===== Source material =====

(* For every integer $n\ge 0$, $$\Phi^{(4)}[aq^n; b; c, c'; x, y] = \sum_{k=0}^n \sum_{i=0}^k \begin{bmatrix} n \\ k \end{bmatrix} \begin{bmatrix} k \\ i \end{bmatrix} \frac{(b; q)_k}{(c; q)_{k-i} (c'; q)_i} q^{2\binom{k}{2}} a^k x^{k-i} y^i\, \Phi^{(4)}[aq^k; bq^k; cq^{k-i}, c'q^i; xq^i, y]$$ and $$\Phi^{(4)}[aq^{-n}; b; c, c'; x, y] = \sum_{k=0}^n \sum_{i=0}^k \begin{bmatrix} n \\ k \end{bmatrix} \begin{bmatrix} k \\ i \end{bmatrix} \frac{(b; q)_k}{(c; q)_{k-i} (c'; q)_i} q^{\binom{k}{2} - nk} (-a)^k x^{k-i} y^i\, \Phi^{(4)}[a; bq^k; cq^{k-i}, c'q^i; xq^i, y].$$
   Context: Let $q$ be a complex number with $0<|q|<1$. For complex $z$ and integer $m\ge 0$, $(z;q)_m=\prod_{j=0}^{m-1}(1-zq^j)$, with $(z;q)_0=1$. For integers $0\le k\le n$, $\begin{bmatrix} n \\ k \end{bmatrix}=\frac{(q;q)_n}{(q;q)_k(q;q)_{n-k}}$ is the $q$-binomial coefficient. The $q$-Appell function $\Phi^{(4)}$ is $$\Phi^{(4)}[a; b; c, c'; x, y] = \sum_{m, n \geq 0} \frac{(a; q)_{m+n} (b; q)_{m+n}}{(q; q)_m (q; q)_n (c; q)_m (c'; q)_n} x^m y^n.$$ Identities are understood as identities of power series in $x,y$ (formal, or convergent for small $|x|,|y|$), with complex parameters chosen so that no denominator occurring vanishes. *)

From HB Require Import structures.
From mathcomp Require Import all_boot all_order all_algebra.
From mathcomp Require Import reals.
From mathcomp Require Export complex.
Set Implicit Arguments. Unset Strict Implicit. Unset Printing Implicit Defensive.
Import Order.TTheory GRing.Theory Num.Theory.
Local Open Scope ring_scope.

Section Defs.
Variable (C : fieldType).

Definition qpoch (z q : C) (m : nat) : C := \prod_(j < m) (1 - z * q ^+ j).

Definition qbin (q : C) (n k : nat) : C :=
  qpoch q q n / (qpoch q q k * qpoch q q (n - k)).

(* Formal power series in two variables x, y : [f m n] is the coefficient
   of x^m y^n. *)
Definition fps := nat -> nat -> C.

(* substitution x |-> t * x *)
Definition fps_scalex (t : C) (f : fps) : fps := fun m n => t ^+ m * f m n.

(* multiplication by the monomial x^u y^v *)
Definition fps_mulmon (u v : nat) (f : fps) : fps :=
  fun m n => if (u <= m)%N && (v <= n)%N then f (m - u)%N (n - v)%N else 0.

Definition Phi4 (q a b c c' : C) : fps := fun m n =>
  qpoch a q (m + n) * qpoch b q (m + n) /
  (qpoch q q m * qpoch q q n * qpoch c q m * qpoch c' q n).
End Defs.

From HB Require Import structures.
From mathcomp Require Import all_boot all_order all_algebra.
From mathcomp Require Import reals complex.
From mathcomp Require Import ring zify.
Import Order.TTheory GRing.Theory Num.Theory.
Local Open Scope ring_scope.

(* The x^M y^N coefficient of Phi4[A; b; c, c'; x, y] contains A only through
   (A;q)_(M+N).  For A = a q^n (resp. a q^-n), induction on n with the q-Pascal
   rule expands (A;q)_s as a q-binomial sum over k of (q^(s-k+1);q)_k times
   (a q^k;q)_(s-k) (resp. (a;q)_(s-k)).  A q-Vandermonde identity then splits
   (q^(M+N-k+1);q)_k into a sum over i, and after cancelling the shifted
   Pochhammer symbols the (k, i) term is exactly the x^M y^N coefficient of
   x^(k-i) y^i Phi4[...; x q^i, y] in the statement. *)

Section QCalculus.
Context {F : fieldType} {q : F}.

Local Notation qfac := (qpoch q q).

(* [qfall s k] is (q^(s-k+1);q)_k = (q;q)_s / (q;q)_(s-k) for k <= s; for
   k > s the truncated subtraction makes the factor j = s equal to 0. *)
Definition qfall (s k : nat) : F := \prod_(j < k) (1 - q ^+ (s - j)).

Lemma qpoch0 z : qpoch z q 0 = 1.
Proof. by rewrite /qpoch big_ord0. Qed.

Lemma qpoch_recl z s : qpoch z q s.+1 = (1 - z) * qpoch (z * q) q s.
Proof.
rewrite /qpoch big_ord_recl expr0 mulr1; congr (_ * _).
by apply: eq_bigr => j _; rewrite /bump /= exprS mulrA.
Qed.

Lemma qpoch_recr z s : qpoch z q s.+1 = qpoch z q s * (1 - z * q ^+ s).
Proof. by rewrite /qpoch big_ord_recr. Qed.

Lemma qpochD z m n : qpoch z q (m + n) = qpoch z q m * qpoch (z * q ^+ m) q n.
Proof.
rewrite /qpoch big_split_ord; congr (_ * _).
by apply: eq_bigr => j _; rewrite exprD mulrA.
Qed.

Lemma qpoch_contiguous z s :
  qpoch (z * q) q s.+1 = qpoch z q s.+1 + z * (1 - q ^+ s.+1) * qpoch (z * q) q s.
Proof. by rewrite qpoch_recr qpoch_recl exprS; ring. Qed.

Lemma qfacS k : qfac k.+1 = qfac k * (1 - q ^+ k.+1).
Proof. by rewrite qpoch_recr exprS. Qed.

Lemma qfall0 s : qfall s 0 = 1.
Proof. by rewrite /qfall big_ord0. Qed.

Lemma qfall_recl s k : qfall s.+1 k.+1 = (1 - q ^+ s.+1) * qfall s k.
Proof. by rewrite /qfall big_ord_recl subn0. Qed.

Lemma qfall_recr s k : qfall s k.+1 = qfall s k * (1 - q ^+ (s - k)).
Proof. by rewrite /qfall big_ord_recr. Qed.

Lemma qfall_eq0 {s k : nat} : (s < k)%N -> qfall s k = 0.
Proof.
by move=> lt_sk; rewrite /qfall (bigD1 (Ordinal lt_sk)) //= subnn subrr mul0r.
Qed.

Lemma qfac_qfall {s k : nat} : (k <= s)%N -> qfac s = qfall s k * qfac (s - k).
Proof.
elim: k => [|k IHk] le_ks; first by rewrite qfall0 mul1r subn0.
rewrite IHk ?(ltnW le_ks) // qfall_recr -mulrA; congr (_ * _).
have -> : (s - k = (s - k.+1).+1)%N by lia.
by rewrite qpoch_recr mulrC -exprS -subSn // subSS.
Qed.

Lemma qfall_addSS M N k :
  qfall (M.+1 + N.+1) k.+1
  = (1 - q ^+ M.+1) * qfall (M + N.+1) k
    + q ^+ M.+1 * (1 - q ^+ N.+1) * qfall (M.+1 + N) k.
Proof. by rewrite [in LHS]addSn qfall_recl addSnnS -addSn exprD; ring. Qed.

Hypotheses (q_neq0 : q != 0) (qpow_neq1 : forall j, q ^+ j.+1 != 1).

Lemma qpow_neq0 m : q ^+ m != 0.
Proof. exact: expf_neq0. Qed.

Lemma one_sub_qpow_neq0 k : 1 - q ^+ k.+1 != 0.
Proof. by rewrite subr_eq0 eq_sym qpow_neq1. Qed.

Lemma qfac_neq0 k : qfac k != 0.
Proof. by apply/prodf_neq0 => j _; rewrite -exprS one_sub_qpow_neq0. Qed.

Lemma qfall_neq0 {s k : nat} : (k <= s)%N -> qfall s k != 0.
Proof.
move=> le_ks; apply: contra_neq (qfac_neq0 s) => qfall_s0.
by rewrite (qfac_qfall le_ks) qfall_s0 mul0r.
Qed.

Lemma qbin_qfall {n k : nat} : (k <= n)%N -> qbin q n k = qfall n k / qfac k.
Proof.
move=> le_kn; rewrite /qbin (qfac_qfall le_kn) invfM [_^-1 * _]mulrC mulrA.
by rewrite mulfK ?qfac_neq0.
Qed.

Lemma qpoch_neq0 z m : (forall j, z * q ^+ j != 1) -> qpoch z q m != 0.
Proof. by move=> hz; apply/prodf_neq0 => j _; rewrite subr_eq0 eq_sym hz. Qed.

Lemma qpow_eq_mul_div m1 m2 n1 n2 :
  (m1 + m2 = n1 + n2)%N -> q ^+ m1 = q ^+ n1 * q ^+ n2 / q ^+ m2.
Proof. by move=> eq_mn; rewrite -exprD -eq_mn exprD mulfK ?qpow_neq0. Qed.

Lemma qfall_pascal n k :
  qfall n.+1 k.+1 = qfall n k.+1 + q ^+ n / q ^+ k * (1 - q ^+ k.+1) * qfall n k.
Proof.
rewrite qfall_recl qfall_recr.
have [le_kn | lt_nk] := leqP k n; last by rewrite qfall_eq0 // !(mulr0, mul0r, addr0).
rewrite (@qpow_eq_mul_div n.+1 0 (n - k) k.+1) ?(@qpow_eq_mul_div n 0 (n - k) k); try lia.
by rewrite !expr0 !divr1 exprS; field; rewrite qpow_neq0.
Qed.

Lemma qfall_pascal_dual n k :
  qfall n.+1 k.+1 = q ^+ k.+1 * qfall n k.+1 + (1 - q ^+ k.+1) * qfall n k.
Proof.
rewrite qfall_recl qfall_recr.
have [le_kn | lt_nk] := leqP k n; last by rewrite qfall_eq0 // !(mulr0, mul0r, addr0).
by rewrite (@qpow_eq_mul_div n.+1 0 (n - k) k.+1) ?expr0 ?divr1; [ring | lia].
Qed.

Lemma qpoch_qpow_expand n a s :
  qpoch (a * q ^+ n) q s =
  \sum_(k < n.+1) qfall n k * qfall s k / qfac k
     * (q ^+ (2 * 'C(k, 2)) * a ^+ k * qpoch (a * q ^+ k) q (s - k)).
Proof.
elim: n a s => [|n IHn] a s.
  by rewrite big_ord1 !qfall0 qpoch0 !expr0 subn0 invr1 !mulr1 !mul1r.
case: s => [|s].
  rewrite qpoch0 big_ord_recl big1 => [|k _]; last first.
    by rewrite (@qfall_eq0 0 k.+1) // !(mulr0, mul0r).
  by rewrite /= !qfall0 !qpoch0 invr1 !mul1r addr0.
have -> : a * q ^+ n.+1 = (a * q ^+ n) * q by rewrite exprSr mulrA.
rewrite qpoch_contiguous [a * q ^+ n * q]mulrAC IHn (IHn (a * q)).
rewrite [RHS]big_ord_recl /=; symmetry.
under eq_bigr => k _ do rewrite (_ : bump 0 k = k.+1) // qfall_pascal !mulrDl.
rewrite big_split /= addrA; congr (_ + _).
  rewrite [in RHS]big_ord_recl big_ord_recr /= (@qfall_eq0 n n.+1) //.
  by rewrite !(mulr0, mul0r) addr0 !qfall0.
rewrite mulr_sumr; apply: eq_bigr => k _.
rewrite qfall_recl qfacS subSS.
rewrite (@qpow_eq_mul_div (2 * 'C(k.+1, 2)) 0 (2 * 'C(k, 2)) (k + k)); last first.
  by rewrite binS bin1; lia.
rewrite exprD exprMn expr0 divr1 exprS [a * (q * _)]mulrA (exprS a).
have := one_sub_qpow_neq0 k; rewrite exprS => nz_k.
by field; rewrite qfac_neq0 nz_k qpow_neq0.
Qed.

Lemma qpoch_qpowV_expand n a s :
  qpoch (a / q ^+ n) q s =
  \sum_(k < n.+1) qfall n k * qfall s k / qfac k
     * (q ^+ 'C(k, 2) / q ^+ (n * k) * (- a) ^+ k * qpoch a q (s - k)).
Proof.
elim: n s => [|n IHn] s.
  by rewrite big_ord1 !qfall0 qpoch0 !expr0 subn0 !invr1 !mulr1 !mul1r.
case: s => [|s].
  rewrite qpoch0 big_ord_recl big1 => [|k _]; last first.
    by rewrite (@qfall_eq0 0 k.+1) // !(mulr0, mul0r).
  by rewrite /= !qfall0 !qpoch0 muln0 !expr0 !invr1 !mulr1 addr0.
have shift : a / q ^+ n = (a / q ^+ n.+1) * q.
  by rewrite exprS; field; rewrite q_neq0 qpow_neq0.
have -> : qpoch (a / q ^+ n.+1) q s.+1 =
    qpoch (a / q ^+ n) q s.+1 - a / q ^+ n.+1 * (1 - q ^+ s.+1) * qpoch (a / q ^+ n) q s.
  by rewrite shift qpoch_contiguous addrK.
rewrite !IHn [RHS]big_ord_recl /=; symmetry.
under eq_bigr => k _ do rewrite (_ : bump 0 k = k.+1) // qfall_pascal_dual !mulrDl.
rewrite big_split /= addrA; congr (_ + _).
  rewrite [in RHS]big_ord_recl big_ord_recr /= (@qfall_eq0 n n.+1) //.
  rewrite !(mulr0, mul0r) addr0 !qfall0 !muln0; congr (_ + _).
  apply: eq_bigr => k _; rewrite (_ : bump 0 k = k.+1) // mulSn exprD.
  by field; rewrite !qpow_neq0 qfac_neq0.
rewrite mulr_sumr -sumrN; apply: eq_bigr => k _.
rewrite qfall_recl qfacS subSS binS bin1 exprD (exprS (- a)) mulSn mulnS !exprD (exprS q n).
have := one_sub_qpow_neq0 k; rewrite exprS => nz_k.
by rewrite !exprS; field; rewrite nz_k qfac_neq0 q_neq0 !qpow_neq0.
Qed.

Lemma qfallD k M N :
  qfall (M + N) k =
  \sum_(i < k.+1) qfall k i / qfac i * (q ^+ (i * (M + i)) / q ^+ (i * k))
     * qfall M (k - i) * qfall N i.
Proof.
elim: k M N => [|k IHk] M N.
  by rewrite big_ord1 !qfall0 qpoch0 !mul0n !expr0 invr1 !mulr1.
case: M => [|M].
  rewrite big_ord_recr /= big1 => [|i _]; last first.
    by rewrite (@qfall_eq0 0 (k.+1 - i)) ?subn_gt0 // !(mulr0, mul0r).
  rewrite (qfac_qfall (leqnn k.+1)) subnn qfall0 qpoch0 add0r add0n.
  by field; rewrite qpow_neq0 qfall_neq0.
case: N => [|N].
  rewrite big_ord_recl big1 => [|i _]; last first.
    by rewrite /= (@qfall_eq0 0 i.+1) // !(mulr0, mul0r).
  by rewrite /= !qfall0 qpoch0 !mul0n !expr0 invr1 !mulr1 subn0 addn0 addr0 mul1r.
rewrite qfall_addSS IHk IHk; symmetry; rewrite big_ord_recl /=.
under eq_bigr => i _ do rewrite (_ : bump 0 i = i.+1) // qfall_pascal !mulrDl.
rewrite big_split /= addrA; congr (_ + _).
  rewrite mulr_sumr [in RHS]big_ord_recl big_ord_recr /= (@qfall_eq0 k k.+1) //.
  rewrite !(mulr0, mul0r) addr0; congr (_ + _).
    by rewrite !qfall0 qpoch0 !mul0n !expr0 !subn0 qfall_recl invr1; ring.
  apply: eq_bigr => i _; rewrite (_ : bump 0 i = i.+1) // subSS.
  have -> : (k - i = (k - i.+1).+1)%N by have := ltn_ord i; lia.
  rewrite qfall_recl (_ : (i.+1 * (M.+1 + i.+1) = i.+1 * (M + i.+1) + i.+1)%N); last by ring.
  rewrite (_ : (i.+1 * k.+1 = i.+1 * k + i.+1)%N); last by ring.
  by rewrite !exprD; field; rewrite !qpow_neq0 qfac_neq0.
rewrite mulr_sumr; apply: eq_bigr => i _.
rewrite qfall_recl qfacS subSS.
rewrite (@qpow_eq_mul_div (i.+1 * (M.+1 + i.+1)) (k + i * k)
  (i * (M.+1 + i) + M.+1 + i) (i.+1 * k.+1)); last by ring.
have := one_sub_qpow_neq0 i => nz_i.
by rewrite !exprD; field; rewrite nz_i qfac_neq0 !qpow_neq0.
Qed.

Context {b c c' : F}.
Hypotheses (c_qpow_neq1 : forall j, c * q ^+ j != 1)
           (c'_qpow_neq1 : forall j, c' * q ^+ j != 1).

Lemma Phi4_shift_coef A M N {k i : nat} : (i <= k)%N ->
  qbin q k i * qpoch b q k / (qpoch c q (k - i) * qpoch c' q i)
  * fps_mulmon (k - i) i (fps_scalex (q ^+ i)
      (Phi4 q A (b * q ^+ k) (c * q ^+ (k - i)) (c' * q ^+ i))) M N
  = qfall k i / qfac i * (q ^+ (i * (M + i)) / q ^+ (i * k))
      * qfall M (k - i) * qfall N i
      * (qpoch A q (M + N - k)
         * (qpoch b q (M + N) / (qfac M * qfac N * qpoch c q M * qpoch c' q N))).
Proof.
move=> le_ik; rewrite /fps_mulmon /fps_scalex /Phi4 (qbin_qfall le_ik).
case: ifP => [/andP [le_kiM le_iN] | /negbT]; last first.
  by rewrite negb_and -!ltnNge => /orP [] /qfall_eq0 ->; rewrite !(mulr0, mul0r).
rewrite -exprM (qfac_qfall le_kiM) (qfac_qfall le_iN).
rewrite -[in qpoch c q M](subnKC le_kiM) -[in qpoch c' q N](subnKC le_iN).
have split_MN : (M + N = k + (M - (k - i) + (N - i)))%N by lia.
rewrite (qpochD c) (qpochD c') split_MN addKn (qpochD b).
rewrite (_ : (M + i = (M - (k - i)) + k)%N); last by lia.
rewrite mulnDr exprD; field.
by rewrite !qfall_neq0 // !qfac_neq0 qpow_neq0 !qpoch_neq0 // => j; rewrite -mulrA -exprD.
Qed.

Lemma Phi4_expand {n : nat} {A : F} {A' w : nat -> F} :
  (forall s, qpoch A q s = \sum_(k < n.+1)
     qfall n k * qfall s k / qfac k * (w k * qpoch (A' k) q (s - k))) ->
  forall M N, Phi4 q A b c c' M N =
  \sum_(k < n.+1) \sum_(i < k.+1)
    (qbin q n k * qbin q k i * qpoch b q k / (qpoch c q (k - i) * qpoch c' q i) * w k)
    * fps_mulmon (k - i) i (fps_scalex (q ^+ i)
        (Phi4 q (A' k) (b * q ^+ k) (c * q ^+ (k - i)) (c' * q ^+ i))) M N.
Proof.
move=> expandA M N; rewrite {1}/Phi4 -mulrA expandA mulr_suml.
apply: eq_bigr => k _; rewrite qfallD mulr_sumr !mulr_suml.
apply: eq_bigr => i _.
have le_kn : (k <= n)%N by rewrite -ltnS ltn_ord.
have le_ik : (i <= k)%N by rewrite -ltnS ltn_ord.
set f := fps_mulmon _ _ _ M N.
transitivity (qfall n k / qfac k * w k *
  (qbin q k i * qpoch b q k / (qpoch c q (k - i) * qpoch c' q i) * f)).
  by rewrite /f (Phi4_shift_coef _ _ _ le_ik); ring.
by rewrite (qbin_qfall le_kn); ring.
Qed.

End QCalculus.

Local Open Scope complex_scope.

Theorem theorem15 (R : realType) (q a b c c' : R[i])
  (hq0 : 0 < `|q|) (hq1 : `|q| < 1)
  (hc : forall j : nat, c * q ^+ j != 1)
  (hc' : forall j : nat, c' * q ^+ j != 1) :
  forall n : nat,
  (forall M N : nat,
    Phi4 q (a * q ^+ n) b c c' M N =
    \sum_(k < n.+1) \sum_(i < k.+1)
      (qbin q n k * qbin q k i * qpoch b q k
        / (qpoch c q (k - i) * qpoch c' q i)
        * q ^+ (2 * 'C(k, 2)) * a ^+ k)
      * fps_mulmon (k - i) i
          (fps_scalex (q ^+ i)
             (Phi4 q (a * q ^+ k) (b * q ^+ k) (c * q ^+ (k - i)) (c' * q ^+ i)))
          M N)
  /\
  (forall M N : nat,
    Phi4 q (a * q ^- n) b c c' M N =
    \sum_(k < n.+1) \sum_(i < k.+1)
      (qbin q n k * qbin q k i * qpoch b q k
        / (qpoch c q (k - i) * qpoch c' q i)
        * (q ^+ 'C(k, 2) * q ^- (n * k)) * (- a) ^+ k)
      * fps_mulmon (k - i) i
          (fps_scalex (q ^+ i)
             (Phi4 q a (b * q ^+ k) (c * q ^+ (k - i)) (c' * q ^+ i)))
          M N).
Proof.
have q_neq0 : q != 0 by rewrite -normr_gt0.
have qpow_neq1 j : q ^+ j.+1 != 1.
  apply/eqP => qpow_eq1.
  have : `|q ^+ j.+1| < 1 by rewrite normrX exprn_ilt1.
  by rewrite qpow_eq1 normr1 ltxx.
move=> n; split=> M N.
- rewrite (Phi4_expand (A' := fun k => a * q ^+ k)
    (w := fun k => q ^+ (2 * 'C(k, 2)) * a ^+ k) q_neq0 qpow_neq1 hc hc'
    (qpoch_qpow_expand q_neq0 qpow_neq1 n a)).
  by apply: eq_bigr => k _; apply: eq_bigr => i _; rewrite mulrA.
- rewrite (Phi4_expand (A' := fun=> a)
    (w := fun k => q ^+ 'C(k, 2) / q ^+ (n * k) * (- a) ^+ k) q_neq0 qpow_neq1 hc hc'
    (qpoch_qpowV_expand q_neq0 qpow_neq1 n a)).
  by apply: eq_bigr => k _; apply: eq_bigr => i _; rewrite mulrA.
Qed.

=====

Search the records for the string "Require" and, wherever a line contains it, please copy that line.

From HB Require Import structures.
From mathcomp Require Import all_boot all_order all_algebra.
From mathcomp Require Import reals.
From mathcomp Require Export complex.
From HB Require Import structures.
From mathcomp Require Import all_boot all_order all_algebra.
From mathcomp Require Import reals complex.
From mathcomp Require Import ring zify.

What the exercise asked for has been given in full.